Robust Random Cut Forest is a new algorithm for detecting pattern anomalies in real time using both unsupervised learning as well as supervised learning. Know how to detect anomalies real-time in streaming data on the fly.
The key takeaways of the article are:
- Anomalies are data points that do not fit well with the rest of the data
- Anomalies are everywhere, missing them would be dangerous
- Context is important for an anomaly.
- Its relative, what you see as a normal may be an anomaly in a window of events.
- There is no silver bullet to detect and resolve all anomalies.
- Robust Random Cut Forest is a new algorithm for detecting pattern anomalies in real time.
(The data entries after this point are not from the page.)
(* Under the setting below with the randomized sampling requirement, assume additionally that $G$ is convex and each $f_i$ is $\mu_{f_i}$-strongly convex ($\mu_{f_i}>0$). Let $\bm x^\star$ be the unique minimizer of $\Phi$, $\mu_F:=\frac1N\operatorname{blockdiag}(\mu_{f_1}I_{n_1},\dots,\mu_{f_N}I_{n_N})$, $\xi_i:=\frac{N-\gamma_iL_{f_i}}{N}$, and $c:=\min_{i\in[N]}\{\xi_ip_i/\gamma_i\}\,\big/\,\max_{i\in[N]}\{(N-\gamma_i\mu_{f_i})/(\gamma_i^2\mu_{f_i})\}$. Then for all $k$: $\mathbb E_k[\Phi^{\mathrm{FB}}_\Gamma(\bm x^{k+1})-\min\Phi]\le(1-c)(\Phi^{\mathrm{FB}}_\Gamma(\bm x^k)-\min\Phi)$, $\mathbb E[\Phi(\bm z^k)-\min\Phi]\le(\Phi(\bm x^0)-\min\Phi)(1-c)^k$, and $\frac12\mathbb E[\|\bm z^k-\bm x^\star\|^2_{\mu_F}]\le(\Phi(\bm x^0)-\min\Phi)(1-c)^k$. Moreover, assuming $\kappa_i:=L_{f_i}/\mu_{f_i}>1$ for all $i$, if the stepsizes and minimal sampling probabilities are chosen as $\gamma_i=\frac{N}{\mu_{f_i}}(1-\sqrt{1-1/\kappa_i})$ and $p_i=\frac{(\sqrt{\kappa_i}+\sqrt{\kappa_i-1})^2}{\sum_{j=1}^N(\sqrt{\kappa_j}+\sqrt{\kappa_j-1})^2}$, then the three inequalities hold with $c=1\big/\sum_{i=1}^N(\sqrt{\kappa_i}+\sqrt{\kappa_i-1})^2$.
   Context: Setting: $N\ge1$, $n=\sum_{i=1}^N n_i$, $\bm x=(x_1,\dots,x_N)$ with $x_i\in\mathbb R^{n_i}$; $\Phi=F+G$ with $F(\bm x)=\frac1N\sum_i f_i(x_i)$, each $f_i:\mathbb R^{n_i}\to\mathbb R$ differentiable with $L_{f_i}$-Lipschitz gradient, $G:\mathbb R^n\to\mathbb R\cup\{+\infty\}$ proper lsc, $\arg\min\Phi\ne\emptyset$. $\gamma_i\in(0,N/L_{f_i})$, $\Gamma=\operatorname{blockdiag}(\gamma_1I_{n_1},\dots,\gamma_NI_{n_N})$, $\|x\|_V^2=\langle x,Vx\rangle$, $\operatorname{prox}_G^{V}(u)=\arg\min_w\{G(w)+\frac12\|w-u\|_V^2\}$, $\mathbf T(\bm x)=\operatorname{prox}_G^{\Gamma^{-1}}(\bm x-\Gamma\nabla F(\bm x))$. Forward-backward envelope: $\Phi^{\mathrm{FB}}_\Gamma(\bm x):=\inf_{\bm w}\{F(\bm x)+\langle\nabla F(\bm x),\bm w-\bm x\rangle+G(\bm w)+\frac12\|\bm w-\bm x\|^2_{\Gamma^{-1}}\}$. Algorithm BC: given $\bm x^0\in\mathbb R^n$, for $k=0,1,\dots$: pick $\bm z^k\in\mathbf T(\bm x^k)$; select $I^{k+1}\subseteq[N]$; set $x_i^{k+1}=z_i^k$ for $i\in I^{k+1}$ and $x_i^{k+1}=x_i^k$ otherwise. Randomized sampling requirement: there exist $p_1,\dots,p_N>0$ such that at every iteration, conditionally on the past, $\mathbb P(i\in I^{k+1})\ge p_i$ for every $i$. $\mathbb E_k$ denotes expectation conditional on the history up to iteration $k$; $\mathbb E$ is unconditional expectation. *)

From HB Require Import structures.
From Stdlib Require Import Reals ClassicalEpsilon.
From mathcomp Require Import all_boot.
Set Implicit Arguments. Unset Strict Implicit. Unset Printing Implicit Defensive.
Local Open Scope R_scope.

Lemma Rplus_assoc' : associative Rplus.
Proof. by move=> a b c; rewrite Rplus_assoc. Qed.
HB.instance Definition _ := Monoid.isComLaw.Build R R0 Rplus Rplus_assoc' Rplus_comm Rplus_0_l.

Notation "\sumR_ ( i : T ) F" := (\big[Rplus/R0]_(i : T) F)
  (at level 41, F at level 41, i at level 50) : R_scope.
Notation "\sumR_ ( i < n ) F" := (\big[Rplus/R0]_(i < n) F)
  (at level 41, F at level 41, i, n at level 50) : R_scope.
Uses both unsupervised learning as well as supervised learning.
- Unsupervised learning defines the normal behaviour and sets the normal parameters and patterns for an algorithm to use that and then detect what is normal and what is not and what is an anomaly.
- Supervised algorithm takes input on what is normal from the Unsupervised algorithm to detect anomalies.
What are anomalies?
These are the normal alerts or basically the notifications which you see in day to day life, like if you enter into a sauna and take a steam bath, when you come out your iPhone will show that it is too hot to handle. It needs some time to cool down before you can use it. In another example, one fine evening that you are going on a date, when you are driving your car with your date and you look at your fuel meter and notice that you made a blunder. Your fuel tank is almost empty. Or in the morning you have a client meeting and it shows that your front tire has low pressure. It happens, even with Instagram, whenever you change your location and go to a new place or a new country, some applications may give you a notification that an unusual login pattern has been determined. Suddenly you find that you have your credit card in your pocket but you get a notification that you’ve used your credit card in Pittsburgh, and you’re somewhere in Austin on that day. What do all these things have in common? Something is wrong, isn’t it? Something doesn’t fit the pattern. That’s what an anomaly is.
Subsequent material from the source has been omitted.